All things considered it cannot now be said that there is, on the record as presently constituted, no disputes as to facts surrounding the defendant's relationship to the operation of the Emergency Room and the doctors working therein, and the representation of the defendant to the public that the Emergency Room is a part of the hospital facilities. These matters which are in controversy have not been explored at all in depth. They cannot be resolved at this juncture of the proceedings. Without a resolution of such facts as background *65 no ruling of law can be made with respect to defendant's avoidance of liability via the independent contractor route.
This conclusion is reached even though the Court's attention has been called to Magee v. Wilmington Medical Center, Inc., No. 866 Civil Action 1970, an unreported opinion of Honorable George R. Wright, of this Court. Superficially the Magee decision would appear to be determinative of the issue in this case, Judge Wright having concluded that the Emergency Room treating physician was not the agent of the defendant-hospital. However, the Magee decision is unpersuasive in this instance as there is a paucity of facts or circumstances set forth and upon which the opinion is based, and from which the conclusion might properly be applied to the instant case. The decision reached herein is not intended to be interpreted as overruling the Magee holding. The basis of the Magee decision is simply not set forth fully enough to be relied upon as the controlling authority on the issues raised here.

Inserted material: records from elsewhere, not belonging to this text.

(* Let $n\ge2$, $F_1,\dots,F_n:\mathbb{R}^d\to\mathbb{R}^d$, $F=\frac1n\sum_iF_i$, with $F$ $\mu$-strongly monotone ($\mu>0$) and each $F_i$ $L_i$-Lipschitz; let $z_*$ be the solution of $F(z_* )=0$, $L_{max}=\max_iL_i$, $\sigma_*^2=\frac1n\sum_i\|F_i(z_* )\|^2$. Consider the iterates $z_0^k$ of IEG (defined in the context) started at $z_0$. 1. If $\gamma_2=2\gamma_1$ and $\gamma_1\le\frac{\mu}{10L_{max}^2\sqrt{10n^2+n+29}}$, then $$\|z_0^k-z_*\|^2\le\Big(1-\frac{\gamma_1n\mu}{4}\Big)^k\|z_0-z_*\|^2+\frac{48L_{max}^2}{\mu^2}\big[6n(n-1)\gamma_1^2+\gamma_2^2\big]\sigma_*^2.$$ 2. If IEG is run for $K$ epochs with $\gamma_2=2\gamma_1$ and $\gamma_1=\min\Big\{\frac{\mu}{10L_{max}^2\sqrt{10n^2+2n+29}},\frac{4\log(n^{1/2}K)}{\mu nK}\Big\}$, then $$\|z_0^K-z_*\|^2=\tilde{\mathcal{O}}\Big(e^{-\frac{K\mu^2}{L_{max}^2}}+\frac1{K^2}\Big).$$
   Context: $\mu$-strongly monotone: $\langle F(z_1)-F(z_2),z_1-z_2\rangle\ge\mu\|z_1-z_2\|^2$. IEG (incremental extragradient) with step sizes $\gamma_1,\gamma_2>0$: set $z_0^0=z_0$; for each epoch $k=0,1,\dots$ and $i=0,\dots,n-1$ set $\bar z_i^k=z_i^k-\gamma_2F_{i+1}(z_i^k)$, $z_{i+1}^k=z_i^k-\gamma_1F_{i+1}(\bar z_i^k)$ (fixed original order every epoch); then $z_0^{k+1}=z_n^k$. $\tilde{\mathcal{O}}$ suppresses constant and logarithmic factors. *)

From HB Require Import structures.
From mathcomp Require Import all_boot all_order all_algebra.
From mathcomp Require Import all_classical all_reals all_analysis.
Set Implicit Arguments. Unset Strict Implicit. Unset Printing Implicit Defensive.
Import Order.TTheory GRing.Theory Num.Theory.
Local Open Scope ring_scope.

Section Defs.
Variables (R : realType) (d n : nat).

Definition dotp (u v : 'rV[R]_d) : R := \sum_(j < d) u 0 j * v 0 j.
Definition sqnorm (v : 'rV[R]_d) : R := dotp v v.
Definition enorm (v : 'rV[R]_d) : R := Num.sqrt (sqnorm v).

Definition strongly_monotone (mu : R) (F : 'rV[R]_d -> 'rV[R]_d) : Prop :=
  forall z1 z2, mu * sqnorm (z1 - z2) <= dotp (F z1 - F z2) (z1 - z2).

Definition lipschitzE (L : R) (F : 'rV[R]_d -> 'rV[R]_d) : Prop :=
  forall x y, enorm (F x - F y) <= L * enorm (x - y).

Definition avgF (Fs : 'I_n -> 'rV[R]_d -> 'rV[R]_d) (z : 'rV[R]_d) : 'rV[R]_d :=
  n%:R^-1 *: \sum_(i < n) Fs i z.

Definition Lmax (L : 'I_n -> R) : R := \big[Num.max/0]_(i < n) L i.

Definition sigma2 (Fs : 'I_n -> 'rV[R]_d -> 'rV[R]_d) (zs : 'rV[R]_d) : R :=
  n%:R^-1 * \sum_(i < n) sqnorm (Fs i zs).

Definition ieg_step (g1 g2 : R) (f : 'rV[R]_d -> 'rV[R]_d) (z : 'rV[R]_d) :=
  z - g1 *: f (z - g2 *: f z).

(* one epoch: inner steps with F_1, ..., F_n in the fixed original order
   (0-indexed here: Fs 0, ..., Fs (n-1)) *)
Definition ieg_epoch (g1 g2 : R) (Fs : 'I_n -> 'rV[R]_d -> 'rV[R]_d)
  (z : 'rV[R]_d) : 'rV[R]_d :=
  foldl (fun z i => ieg_step g1 g2 (Fs i) z) z (enum 'I_n).

(* z_0^k : the iterate at the start of epoch k, started at z_0^0 = z0 *)
Definition ieg (g1 g2 : R) (Fs : 'I_n -> 'rV[R]_d -> 'rV[R]_d)
  (z0 : 'rV[R]_d) (k : nat) : 'rV[R]_d :=
  iter k (ieg_epoch g1 g2 Fs) z0.

End Defs.

From HB Require Import structures.
From mathcomp Require Import all_boot all_order all_algebra.
From mathcomp Require Import all_classical all_reals all_analysis.
From mathcomp Require Import ring lra.
Set Implicit Arguments. Unset Strict Implicit. Unset Printing Implicit Defensive.
Import Order.TTheory GRing.Theory Num.Theory.
Local Open Scope ring_scope.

The defendant's second contention, that the record is void of any medically accepted and admissible evidence to support plaintiff's contentions must now be met. In Delaware medical publications or texts have not heretofore been admissible as evidence at a malpractice trial, except as a basis for cross-examination of witnesses. Barks v. Herzberg, 206 A.2d 507 (Del. Supr.1965). The plaintiff argues that this is not the issue here, a pretrial stage, and, therefore, the admissibility of this material at trial is presently irrelevant. Superficially, this argument seems persuasive until an examination in depth is made of the provisions of this Court's Rule 56. This Rule, which is designed to apply to summary judgment proceedings, is quite specific with respect to the factual setting here presented. Rule 56(e), relating to the filing of affidavits, has been made use of by defendant in this case through the filing of an affidavit of a qualified physician, who very particularly describes the condition of the deceased child as indicated in the record. He further describes the course of treatment which was followed and the accepted and proper course of treatment in such instances. Finally, he states his opinion that the entire record supports the defendant's position that the child's death can be attributed to causes other than negligence on defendant's part. Furthermore, this affiant is established as a licensed physician in the area, specializing in internal medicine, the field having direct bearing upon the deceased child's condition prior to death.
There are two provisions with respect to Rule 56(e) which at this stage must be considered. The first part is that the Rule provides that such an affidavit as defendant's may be opposed by "depositions, answers to interrogatories, or affidavits". The plaintiff has used none of these enumerated methods to oppose defendant's affidavit. The crucial part of the Rule thereafter follows and reads:"When a motion for summary judgment is made and supported as provided in this rule, an adverse party may not rest upon the mere allegations or denials of his pleading, but his response, by affidavits or as otherwise provided in this rule, must set forth specific facts showing that there is a genuine issue for trial. If he does not so respond, summary judgment, if appropriate, shall be entered against him."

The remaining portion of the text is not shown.